I often get requests for the nutrition info (calorie count, fat grams, etc.) for my recipes. Here’s why I don’t include it.

Why you should ignore nutrition info for recipes

Some diet plans encourage people to check for “how many calories” and “how much fat” before they try a recipe and to diligently read nutrition labels before buying a product. The nutrition info.

But have you ever noticed that healthy, nutritious, raw walnuts are way more “fattening” than gumdrops? In fact, based on the nutrition facts, you could eat the whole bag of sugary, chemical-laden gumdrops without a worry – as long as you stayed far away from the walnuts.

What’s in the Numbers?

Obviously, these numbers aren’t a reliable source for making good food choices.
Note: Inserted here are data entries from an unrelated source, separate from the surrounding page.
(* Let $a>0$, $b>0$, $T>0$, let $f$ be a $1$-periodic, twice continuously differentiable function with $\kappa=\inf_{0\le t\le1}f(t)>0$, and let $\vartheta>0$. For $\varepsilon>0$ let $\gamma(\vartheta,\cdot)$ be the solution on $[0,T]$ of the Riccati equation $$\frac{\partial\gamma(\vartheta,t)}{\partial t}=-2a\gamma(\vartheta,t)-\frac{\gamma(\vartheta,t)^2f(\vartheta t)^2}{\varepsilon^2}+b^2,\qquad\gamma(\vartheta,0)=0.$$ Then for any $t_0\in(0,T]$, $$\sup_{t_0\le t\le T}\Big|\gamma(\vartheta,t)-\frac{b\,\varepsilon}{f(\vartheta t)}\Big|=O(\varepsilon^2)\quad\text{as }\varepsilon\to0.$$
   Context: $\gamma(\vartheta,t)$ is the variance of the Kalman–Bucy filtering error for the signal $Y_t$ (an Ornstein–Uhlenbeck process $dY_t=-aY_tdt+b\,dV_t$) observed through $dX_t=f(\vartheta t)Y_tdt+\varepsilon dW_t$. *)

From Stdlib Require Import Reals.
From Coquelicot Require Import Coquelicot.
Open Scope R_scope.

Definition C2 (f : R -> R) : Prop :=
  forall x, ex_derive f x /\ ex_derive (Derive f) x /\
            continuous (Derive_n f 2) x.

Definition periodic1 (f : R -> R) : Prop := forall t, f (t + 1) = f t.

Definition riccati_solution (a b theta eps T : R) (f g : R -> R) : Prop :=
  g 0 = 0 /\
  (forall t, 0 <= t <= T -> continuous g t) /\
  (forall t, 0 < t < T ->
     is_derive g t (- 2 * a * g t - (g t) ^ 2 * (f (theta * t)) ^ 2 / eps ^ 2 + b ^ 2)).

From Stdlib Require Import Reals ZArith Lra Lia.
From Coquelicot Require Import Coquelicot.
Open Scope R_scope.

(* Write p s = f (theta s), so that g = gamma eps solves
   g' = -2 a g - g^2 p^2 / eps^2 + b^2, g 0 = 0, and let q = b eps / p be the
   quasi-stationary value, at which the two dominant terms cancel.  A function
   whose derivative is positive wherever it vanishes cannot change sign, which
   gives comparison with barriers: g stays nonnegative (g' = b^2 where g = 0),
   q + K eps^2 is a supersolution, and q - K eps^2 - A eps^2 / (eps + c s) is a
   subsolution, for constants K, A, c depending only on a, b, inf f and a bound
   on theta f'.  The last term is a boundary layer absorbing the initial
   mismatch g 0 = 0 < q 0; it is at most (A / (c t0)) eps^2 for s >= t0. *)

Lemma continuous_locally_lt (h : R -> R) t y :
  continuous h t -> h t < y -> exists d : posreal, forall u, Rabs (u - t) < d -> h u < y.
Proof.
  intros Hc Hy.
  destruct (Hc _ (open_lt y (h t) Hy)) as [d Hd].
  exists d; intros u Hu; apply Hd; exact Hu.
Qed.

Lemma continuous_locally_gt (h : R -> R) t y :
  continuous h t -> y < h t -> exists d : posreal, forall u, Rabs (u - t) < d -> y < h u.
Proof.
  intros Hc Hy.
  destruct (Hc _ (open_gt y (h t) Hy)) as [d Hd].
  exists d; intros u Hu; apply Hd; exact Hu.
Qed.

Lemma is_derive_pos_left_lt (h : R -> R) t d :
  is_derive h t d -> 0 < d -> exists del : posreal, forall u, t - del < u < t -> h u < h t.
Proof.
  intros Hd Hpos.
  destruct (proj1 (is_derive_Reals h t d) Hd d Hpos) as [del Hdel].
  exists del; intros u Hu.
  assert (Hquot : 0 < (h (t + (u - t)) - h t) / (u - t)).
  { specialize (Hdel (u - t) ltac:(lra) ltac:(apply Rabs_def1; lra)).
    apply Rabs_def2 in Hdel; lra. }
  replace (t + (u - t)) with u in Hquot by ring.
  assert (Heq : h u - h t = (h u - h t) / (u - t) * (u - t)) by (field; lra).
  nra.
Qed.

Lemma first_nonpos_point (h : R -> R) s :
  0 <= s -> 0 < h 0 -> (forall t, 0 <= t <= s -> continuous h t) -> h s <= 0 ->
  exists tau, 0 < tau <= s /\ h tau <= 0 /\ forall u, 0 <= u < tau -> 0 < h u.
Proof.
  intros Hs H0 Hcont Hhs.
  set (E := fun t => 0 <= t <= s /\ forall u, 0 <= u <= t -> 0 < h u).
  assert (E0 : E 0) by (split; [lra | intros u Hu; replace u with 0 by lra; exact H0]).
  destruct (completeness E) as [tau [Hub Hlub]];
    [exists s; intros t [Ht _]; lra | exists 0; exact E0 |].
  assert (Htau : 0 <= tau <= s) by (split; [apply Hub, E0 | apply Hlub; intros t [Ht _]; lra]).
  assert (Hbefore : forall u, 0 <= u < tau -> 0 < h u).
  { intros u Hu; apply Rnot_le_lt; intros Hle.
    assert (tau <= u); [|lra].
    apply Hlub; intros t [Ht Hpos]; apply Rnot_lt_le; intros Hut.
    specialize (Hpos u ltac:(lra)); lra. }
  assert (Hnotpos : h tau <= 0).
  { apply Rnot_lt_le; intros Hpos.
    destruct (Req_dec tau s) as [Hts|Hts]; [rewrite Hts in Hpos; lra|].
    destruct (continuous_locally_gt h tau 0 (Hcont tau Htau) Hpos) as [[d Hd] Hnear].
    simpl in Hnear.
    set (t' := Rmin (tau + d / 2) s).
    assert (Ht' : E t').
    { split; [unfold t', Rmin; destruct Rle_dec; lra|].
      intros u Hu; destruct (Rlt_or_le u tau); [apply Hbefore; lra|].
      apply Hnear; unfold t', Rmin in Hu; destruct Rle_dec; apply Rabs_def1; lra. }
    specialize (Hub t' Ht'); unfold t', Rmin in Hub; destruct Rle_dec; lra. }
  exists tau; split; [|split; assumption].
  destruct (Req_dec tau 0) as [Hz|Hz]; [rewrite Hz in Hnotpos; lra | lra].
Qed.

Lemma barrier_nonneg (h h' : R -> R) (T : R) :
  0 < h 0 ->
  (forall t, 0 <= t <= T -> continuous h t) ->
  (forall t, 0 < t < T -> is_derive h t (h' t)) ->
  (forall t, 0 < t < T -> h t = 0 -> 0 < h' t) ->
  forall s, 0 <= s <= T -> 0 <= h s.
Proof.
  intros H0 Hcont Hder Hcross s Hs.
  apply Rnot_lt_le; intros Hneg.
  destruct (first_nonpos_point h s) as [tau [Htau [Hnotpos Hbefore]]];
    [lra | exact H0 | intros t Ht; apply Hcont; lra | lra |].
  assert (Hleft : exists d : posreal, forall u, tau - d < u < tau -> h u < 0).
  { destruct (Rle_lt_or_eq_dec _ _ Hnotpos) as [Hlt|Hzero].
    - destruct (continuous_locally_lt h tau 0 (Hcont tau ltac:(lra)) Hlt) as [d Hnear].
      exists d; intros u Hu; apply Hnear, Rabs_def1; lra.
    - assert (Htau_s : tau < s)
        by (destruct (Req_dec tau s) as [Hts|]; [rewrite Hts in Hzero|]; lra).
      destruct (is_derive_pos_left_lt h tau (h' tau)) as [d Hnear];
        [apply Hder; lra | apply Hcross; lra |].
      exists d; intros u Hu; rewrite <- Hzero; apply Hnear, Hu. }
  destruct Hleft as [[d Hd] Hnear]; simpl in Hnear.
  set (u := Rmax (tau - d / 2) (tau / 2)).
  assert (Hu : tau - d < u < tau /\ 0 <= u) by (unfold u, Rmax; destruct Rle_dec; lra).
  specialize (Hnear u (proj1 Hu)); specialize (Hbefore u ltac:(lra)); lra.
Qed.

Lemma is_derive_continuous (h : R -> R) x d : is_derive h x d -> continuous h x.
Proof. intros Hd; apply (@ex_derive_continuous R_AbsRing R_NormedModule); exists d; exact Hd. Qed.

Lemma is_derive_plus_const (h : R -> R) x d c : is_derive h x d -> is_derive (fun y => h y + c) x d.
Proof.
  intros Hd.
  pose proof (is_derive_plus h (fun _ => c) x d 0 Hd (is_derive_const c x)) as Hsum.
  replace d with (d + 0) by ring; exact Hsum.
Qed.

Lemma continuous_bounded_above (h : R -> R) (l r : R) :
  l <= r -> (forall x, l <= x <= r -> continuous h x) ->
  exists M, forall x, l <= x <= r -> h x <= M.
Proof.
  intros Hlr Hcont.
  destruct (continuity_ab_maj h l r Hlr) as [xM [HM _]].
  - intros x Hx; apply continuity_pt_filterlim, Hcont, Hx.
  - exists (h xM); exact HM.
Qed.

Lemma periodic1_plus_INR (f : R -> R) : periodic1 f -> forall n x, f (x + INR n) = f x.
Proof.
  intros Hper n; induction n as [|n IH]; intros x.
  - simpl; rewrite Rplus_0_r; reflexivity.
  - rewrite S_INR, <- Rplus_assoc, Hper; apply IH.
Qed.

Lemma periodic1_ge (f : R -> R) k : periodic1 f -> (forall t, 0 <= t <= 1 -> k <= f t) ->
  forall x, 0 <= x -> k <= f x.
Proof.
  intros Hper Hk x Hx.
  destruct (base_Int_part x) as [Hlo Hhi].
  assert (Hnat : (0 <= Int_part x)%Z) by (assert (-1 < Int_part x)%Z by (apply lt_IZR; lra); lia).
  set (n := Z.to_nat (Int_part x)).
  assert (Hn : INR n = IZR (Int_part x)) by (unfold n; rewrite INR_IZR_INZ, Z2Nat.id; auto).
  replace x with ((x - INR n) + INR n) by ring.
  rewrite (periodic1_plus_INR f Hper); apply Hk; lra.
Qed.

Lemma is_derive_comp_scal (f : R -> R) th t :
  ex_derive f (th * t) -> is_derive (fun s => f (th * s)) t (th * Derive f (th * t)).
Proof.
  intros Hf.
  apply (is_derive_comp f (fun s => th * s)); [apply Derive_correct, Hf|].
  auto_derive; [exact I | ring].
Qed.

Lemma div_sq_le_abs (D L k p : R) :
  0 < k -> k <= p -> Rabs D <= L -> D / p ^ 2 <= L / k ^ 2.
Proof.
  intros Hk Hkp HD.
  assert (HDL : D <= L) by (apply Rle_trans with (Rabs D); [apply Rle_abs | exact HD]).
  assert (HL : 0 <= L) by (apply Rle_trans with (Rabs D); [apply Rabs_pos | exact HD]).
  assert (Hk2 : 0 < k ^ 2) by (apply pow_lt; lra).
  assert (Hkp2 : k ^ 2 <= p ^ 2) by (apply pow_incr; lra).
  apply Rle_trans with (L / p ^ 2).
  - apply Rmult_le_compat_r; [apply Rlt_le, Rinv_0_lt_compat; lra | exact HDL].
  - apply Rmult_le_compat_l; [exact HL | apply Rinv_le_contravar; assumption].
Qed.

(* The right-hand side is the derivative of (b eps / p + K eps^2) - g where g = y;
   there y p / eps = b + K eps p, so the quadratic term exceeds b^2 by at least
   2 b K eps p, which beats the drift of b eps / p. *)
Lemma supersolution_crossing (a b k L K eps p D y : R) :
  0 < a -> 0 < b -> 0 < eps -> 0 < k -> k <= p -> Rabs D <= L ->
  2 * a / k + L / k ^ 2 < K * k ->
  y = b * eps / p + K * eps ^ 2 ->
  0 < - b * eps * D / p ^ 2 - (- 2 * a * y - y ^ 2 * p ^ 2 / eps ^ 2 + b ^ 2).
Proof.
  intros Ha Hb Heps Hk Hkp HD HK Hy.
  assert (HDk : D / p ^ 2 <= L / k ^ 2) by (apply div_sq_le_abs; assumption).
  assert (HL : 0 <= L) by (apply Rle_trans with (Rabs D); [apply Rabs_pos | exact HD]).
  assert (Hp : 0 < p) by lra.
  assert (HLk : 0 <= L / k ^ 2)
    by (apply Rmult_le_pos; [lra | apply Rlt_le, Rinv_0_lt_compat, pow_lt; lra]).
  assert (Hak : 0 < 2 * a / k) by (apply Rdiv_lt_0_compat; lra).
  assert (HKpos : 0 < K) by nra.
  assert (Hypos : 0 < y).
  { rewrite Hy; assert (0 < b * eps / p) by (apply Rdiv_lt_0_compat; nra); nra. }
  assert (Hsq : y ^ 2 * p ^ 2 / eps ^ 2 = (b + K * eps * p) ^ 2) by (rewrite Hy; field; lra).
  assert (Hdrift : b * eps * D / p ^ 2 <= b * eps * (L / k ^ 2)).
  { unfold Rdiv at 1; rewrite Rmult_assoc; apply Rmult_le_compat_l; [nra | exact HDk]. }
  assert (Hgain : b * eps * (L / k ^ 2) < b * eps * (K * p)) by
    (apply Rmult_lt_compat_l; nra).
  replace (- b * eps * D / p ^ 2) with (- (b * eps * D / p ^ 2)) by (field; lra).
  rewrite Hsq.
  assert (0 <= (K * eps * p) ^ 2) by apply pow2_ge_0.
  assert (0 < a * y) by (apply Rmult_lt_0_compat; assumption).
  assert (0 <= b * eps * (L / k ^ 2)) by (apply Rmult_le_pos; [nra | exact HLk]).
  lra.
Qed.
One of the problems with depending on those numbers to help with food choices is that not all carb grams are the same. All calories are not equal. Nor are fat grams the same.
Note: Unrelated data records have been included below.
(* Let $x^{(0)}\in\mathbb R^n$, $h_0:=H(x^{(0)})$, $v_i^{(0)}:=a_1x_1^{(0)}+\dots+a_ix_i^{(0)}$ ($v_0^{(0)}:=0$), and let $x^{(m)}:=\mathcal K^m(x^{(0)})$ be the iterates of the map $\tilde x_i=x_i\dfrac{(1-\epsilon H)(1+\epsilon H)}{(1-\epsilon H+2\epsilon v_{i-1})(1-\epsilon H+2\epsilon v_i)}$. If $h_0\neq0$, then, writing $\rho:=\dfrac{1+\epsilon h_0}{1-\epsilon h_0}$, $$x_i^{(m)}=x_i^{(0)}\frac{\rho^m h_0^2}{\big(h_0+v^{(0)}_{i-1}(\rho^m-1)\big)\big(h_0+v^{(0)}_i(\rho^m-1)\big)},\qquad i=1,\dots,n,$$ and if $h_0=0$, $$x_i^{(m)}=x_i^{(0)}\frac{1}{\big(1+2m\epsilon v^{(0)}_{i-1}\big)\big(1+2m\epsilon v^{(0)}_i\big)},\qquad i=1,\dots,n.$$
   Context: $(a_1,\dots,a_n)\in\mathbb R^n\setminus\{0\}$, $\epsilon>0$ small, $H=a_1x_1+\dots+a_nx_n$, $v_0:=0$, $v_i:=a_1x_1+\dots+a_ix_i$. (Formulas hold whenever the iterates are defined.) *)

From Stdlib Require Import Reals Lra Lia.
Open Scope R_scope.

(* A vector of R^n is represented as x : nat -> R, with components x 1, ..., x n
   (values at other indices are irrelevant). *)

Fixpoint v (a x : nat -> R) (i : nat) : R :=
  match i with
  | O => 0
  | S k => v a x k + a (S k) * x (S k)
  end.

Definition H (n : nat) (a x : nat -> R) : R := v a x n.

Definition K (n : nat) (a : nat -> R) (eps : R) (x : nat -> R) : nat -> R :=
  fun i => x i * ((1 - eps * H n a x) * (1 + eps * H n a x)) /
           ((1 - eps * H n a x + 2 * eps * v a x (i - 1)) *
            (1 - eps * H n a x + 2 * eps * v a x i)).

Definition K_defined (n : nat) (a : nat -> R) (eps : R) (x : nat -> R) : Prop :=
  forall i, (1 <= i <= n)%nat ->
    (1 - eps * H n a x + 2 * eps * v a x (i - 1)) *
    (1 - eps * H n a x + 2 * eps * v a x i) <> 0.

Definition Kiter (n : nat) (a : nat -> R) (eps : R) (m : nat) (x0 : nat -> R)
  : nat -> R := Nat.iter m (K n a eps) x0.

From Stdlib Require Import Reals Lra Lia.
Open Scope R_scope.

(* The iterates stay of the shape [x_i c / (q_{i-1} q_i)] with [q_i] affine in
   [v_i(x)]: for such a point [a_i X_i] telescopes, so [v_i(X)] is again a
   Moebius function of [v_i(x)], and every denominator of [K] becomes a ratio
   [q'_i / q_i] of two affine functions of [v_i(x)].  Thus [K] acts on the three
   parameters [(c, alpha, beta)], and it remains to solve this recursion up to
   the rescaling [(c, alpha, beta) ~ (k^2 c, k alpha, k beta)]. *)

Section OrbitForm.

Variables a x : nat -> R.

Definition affine_v (al be : R) (i : nat) : R := al + v a x i * be.

Definition orbit_form (c al be : R) (i : nat) : R :=
  x i * c / (affine_v al be (i - 1) * affine_v al be i).

Lemma affine_v0 (al be : R) : affine_v al be 0 = al.
Proof. unfold affine_v; simpl; ring. Qed.

Lemma affine_v_scale (k al be : R) (i : nat) :
  affine_v (k * al) (k * be) i = k * affine_v al be i.
Proof. unfold affine_v; ring. Qed.

Lemma orbit_form_scale (k c al be : R) (i : nat) : k <> 0 ->
  orbit_form (k ^ 2 * c) (k * al) (k * be) i = orbit_form c al be i.
Proof.
  intros Hk. unfold orbit_form. rewrite !affine_v_scale.
  set (A := affine_v al be (i - 1)); set (B := affine_v al be i).
  unfold Rdiv. rewrite !Rinv_mult.
  transitivity (x i * c * (/ A * / B) * (k * / k) ^ 2); [ring|].
  rewrite Rinv_r by exact Hk. ring.
Qed.

(* [a_i X_i = (c / beta) (1 / q_{i-1} - 1 / q_i)] telescopes; the closed form
   below also covers [beta = 0]. *)
Lemma v_orbit_form (X : nat -> R) (c al be : R) (i : nat) :
  al <> 0 ->
  (forall j, (j <= i)%nat -> affine_v al be j <> 0) ->
  (forall j, (1 <= j <= i)%nat -> X j = orbit_form c al be j) ->
  v a X i = c * v a x i / (al * affine_v al be i).
Proof.
  intros Hal. induction i as [|i IH]; intros Hq HX.
  - simpl. unfold affine_v. simpl. field. exact Hal.
  - simpl v. rewrite IH, HX by (intros; try apply Hq; try apply HX; lia).
    assert (Hi := Hq i ltac:(lia)). assert (HSi := Hq (S i) ltac:(lia)).
    unfold orbit_form, affine_v in *. replace (S i - 1)%nat with i by lia.
    simpl v in *. field. tauto.
Qed.

Section KStep.

Variables (n : nat) (eps c al be : R) (X : nat -> R).

Hypothesis Hal : al <> 0.
Hypothesis Hq : forall j, (j <= n)%nat -> affine_v al be j <> 0.
Hypothesis HX : forall j, (1 <= j <= n)%nat -> X j = orbit_form c al be j.

Let t := 1 - eps * H n a X.
Let be' := be * t + 2 * eps * c / al.

Lemma K_denominator_orbit_form (j : nat) : (j <= n)%nat ->
  1 - eps * H n a X + 2 * eps * v a X j =
  affine_v (al * t) be' j / affine_v al be j.
Proof.
  intros Hj. fold t.
  rewrite (v_orbit_form X c al be j Hal) by (intros; try apply Hq; try apply HX; lia).
  assert (Hqj := Hq j Hj). unfold be', affine_v in *. field. tauto.
Qed.

Lemma K_orbit_form : (1 <= n)%nat -> K_defined n a eps X ->
  (forall j, (j <= n)%nat -> affine_v (al * t) be' j <> 0) /\
  (forall i, (1 <= i <= n)%nat ->
     K n a eps X i = orbit_form (c * t * (1 + eps * H n a X)) (al * t) be' i).
Proof.
  intros Hn Hdef.
  assert (Hq' : forall j, (j <= n)%nat -> affine_v (al * t) be' j <> 0).
  { intros [|j] Hj.
    - rewrite affine_v0. apply Rmult_integral_contrapositive_currified; [exact Hal|].
      intro Ht. apply (Hdef 1%nat ltac:(lia)). simpl. fold t. rewrite Ht. ring.
    - intro Hz. apply (Hdef (S j) ltac:(lia)).
      rewrite (K_denominator_orbit_form (S j)), Hz by exact Hj. unfold Rdiv. ring. }
  split; [exact Hq'|].
  intros i Hi. unfold K.
  rewrite !K_denominator_orbit_form, HX by (exact Hi || lia). fold t.
  assert (H1 := Hq (i - 1)%nat ltac:(lia)). assert (H2 := Hq i ltac:(lia)).
  assert (H3 := Hq' (i - 1)%nat ltac:(lia)). assert (H4 := Hq' i ltac:(lia)).
  unfold orbit_form. field. tauto.
Qed.

End KStep.

End OrbitForm.

Definition rho (eps h : R) : R := (1 + eps * h) / (1 - eps * h).

Section Iterates.

Variables (n : nat) (a : nat -> R) (eps : R) (x0 : nat -> R).

Lemma H_orbit_form (X : nat -> R) (c al be : R) :
  al <> 0 ->
  (forall j, (j <= n)%nat -> affine_v a x0 al be j <> 0) ->
  (forall j, (1 <= j <= n)%nat -> X j = orbit_form a x0 c al be j) ->
  H n a X = c * H n a x0 / (al * (al + H n a x0 * be)).
Proof. intros Hal Hq HX. exact (v_orbit_form a x0 X c al be n Hal Hq HX). Qed.

Hypothesis Hn : (1 <= n)%nat.

Lemma Kiter_orbit_form_nonzero (h : R) (m : nat) :
  H n a x0 = h -> h <> 0 ->
  (forall k, (k < m)%nat -> K_defined n a eps (Kiter n a eps k x0)) ->
  (forall j, (j <= n)%nat -> affine_v a x0 h (rho eps h ^ m - 1) j <> 0) /\
  (forall i, (1 <= i <= n)%nat ->
     Kiter n a eps m x0 i = orbit_form a x0 (rho eps h ^ m * h ^ 2) h (rho eps h ^ m - 1) i).
Proof.
  intros Hxh Hh. induction m as [|m IH]; intros Hdef.
  - split.
    + intros j _. unfold affine_v. simpl. rewrite Rminus_diag, Rmult_0_r, Rplus_0_r. exact Hh.
    + intros i _. unfold orbit_form, affine_v. simpl. field. exact Hh.
  - destruct IH as [Hq HX]; [intros k Hk; apply Hdef; lia|].
    set (X := Kiter n a eps m x0) in HX.
    set (r := rho eps h ^ m) in Hq, HX.
    assert (Hqn := Hq n (le_n n)). unfold affine_v in Hqn. fold (H n a x0) in Hqn.
    rewrite Hxh in Hqn.
    assert (HXh : H n a X = h).
    { rewrite (H_orbit_form X _ _ _ Hh Hq HX), Hxh.
      (* [q_n = h rho^m], so the invariant also excludes [rho = 0]. *)
      assert (Hr : r <> 0) by (intro E; apply Hqn; rewrite E; ring).
      field. tauto. }
    destruct (K_orbit_form a x0 n eps _ _ _ X Hh Hq HX Hn (Hdef m (Nat.lt_succ_diag_r m)))
      as [Hq' HK].
    rewrite HXh in Hq', HK.
    set (t := 1 - eps * h) in Hq', HK.
    assert (Ht : t <> 0).
    { intro E. apply (Hq' 0%nat (Nat.le_0_l n)). rewrite affine_v0, E. ring. }
    assert (Hc : r * h ^ 2 * t * (1 + eps * h) = t ^ 2 * (rho eps h ^ S m * h ^ 2)).
    { simpl pow. fold r. unfold rho, t in *. field. exact Ht. }
    assert (Hal : h * t = t * h) by ring.
    assert (Hbe : (r - 1) * t + 2 * eps * (r * h ^ 2) / h = t * (rho eps h ^ S m - 1)).
    { simpl pow. fold r. unfold rho, t in *. field. tauto. }
    rewrite Hal, Hbe in Hq'. rewrite Hc, Hal, Hbe in HK.
    split.
    + intros j Hj Hz. apply (Hq' j Hj). rewrite affine_v_scale, Hz. ring.
    + intros i Hi. rewrite <- (orbit_form_scale a x0 t _ _ _ i Ht). exact (HK i Hi).
Qed.

Lemma Kiter_orbit_form_zero (m : nat) :
  H n a x0 = 0 ->
  (forall k, (k < m)%nat -> K_defined n a eps (Kiter n a eps k x0)) ->
  (forall j, (j <= n)%nat -> affine_v a x0 1 (2 * INR m * eps) j <> 0) /\
  (forall i, (1 <= i <= n)%nat ->
     Kiter n a eps m x0 i = orbit_form a x0 1 1 (2 * INR m * eps) i).
Proof.
  intros Hh. induction m as [|m IH]; intros Hdef.
  - split.
    + intros j _. unfold affine_v. simpl. lra.
    + intros i _. unfold orbit_form, affine_v. simpl. field.
  - destruct IH as [Hq HX]; [intros k Hk; apply Hdef; lia|].
    set (X := Kiter n a eps m x0) in HX.
    assert (HXh : H n a X = 0).
    { rewrite (H_orbit_form X _ _ _ R1_neq_R0 Hq HX), Hh. unfold Rdiv. ring. }
    destruct (K_orbit_form a x0 n eps _ _ _ X R1_neq_R0 Hq HX Hn
                (Hdef m (Nat.lt_succ_diag_r m))) as [Hq' HK].
    rewrite HXh in Hq', HK.
    assert (Hc : 1 * (1 - eps * 0) * (1 + eps * 0) = 1) by ring.
    assert (Hal : 1 * (1 - eps * 0) = 1) by ring.
    assert (Hbe : 2 * INR m * eps * (1 - eps * 0) + 2 * eps * 1 / 1 = 2 * INR (S m) * eps).
    { rewrite S_INR. field. }
    rewrite Hal, Hbe in Hq'. rewrite Hc, Hal, Hbe in HK.
    split; assumption.
Qed.

End Iterates.

Theorem proposition3p4 (n : nat) (a : nat -> R) (eps : R) (x0 : nat -> R) (m : nat) :
  (exists j, (1 <= j <= n)%nat /\ a j <> 0) ->
  0 < eps ->
  (forall k, (k < m)%nat -> K_defined n a eps (Kiter n a eps k x0)) ->
  let h0 := H n a x0 in
  (h0 <> 0 ->
     let rho := (1 + eps * h0) / (1 - eps * h0) in
     forall i, (1 <= i <= n)%nat ->
       Kiter n a eps m x0 i =
         x0 i * (rho ^ m * h0 ^ 2) /
         ((h0 + v a x0 (i - 1) * (rho ^ m - 1)) * (h0 + v a x0 i * (rho ^ m - 1)))) /\
  (h0 = 0 ->
     forall i, (1 <= i <= n)%nat ->
       Kiter n a eps m x0 i =
         x0 i * (1 / ((1 + 2 * INR m * eps * v a x0 (i - 1)) *
                      (1 + 2 * INR m * eps * v a x0 i)))).
Proof.
  intros [j [Hj _]] _ Hdef h0.
  assert (Hn : (1 <= n)%nat) by lia.
  split.
  - intros Hh rho_h i Hi.
    destruct (Kiter_orbit_form_nonzero n a eps x0 Hn h0 m eq_refl Hh Hdef) as [_ HK].
    exact (HK i Hi).
  - intros Hh i Hi.
    destruct (Kiter_orbit_form_zero n a eps x0 Hn m Hh Hdef) as [_ HK].
    rewrite HK by exact Hi. unfold orbit_form, affine_v.
    rewrite !(Rmult_comm (v a x0 _)). unfold Rdiv. ring.
Qed.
For example, let’s compare a couple of salad dressings – both with 100 calories per 2 tablespoons.

They both have the same number of calories, but the dressing on the right is made from whole, unprocessed ingredients. It offers you fiber and an abundance of other nutrients that are helpful for weight loss.

Conversely, the dressing on the left is loaded with processed ingredients, refined ingredients, chemicals, and other ingredients that not only offer nothing for your health, but also have been shown to contribute to weight gain.

Same calories?  Yes.  Same results?  No.

Another example:

According to the numbers, a medium orange has 13 grams of sugar – more sugar than the average chocolate chip cookie.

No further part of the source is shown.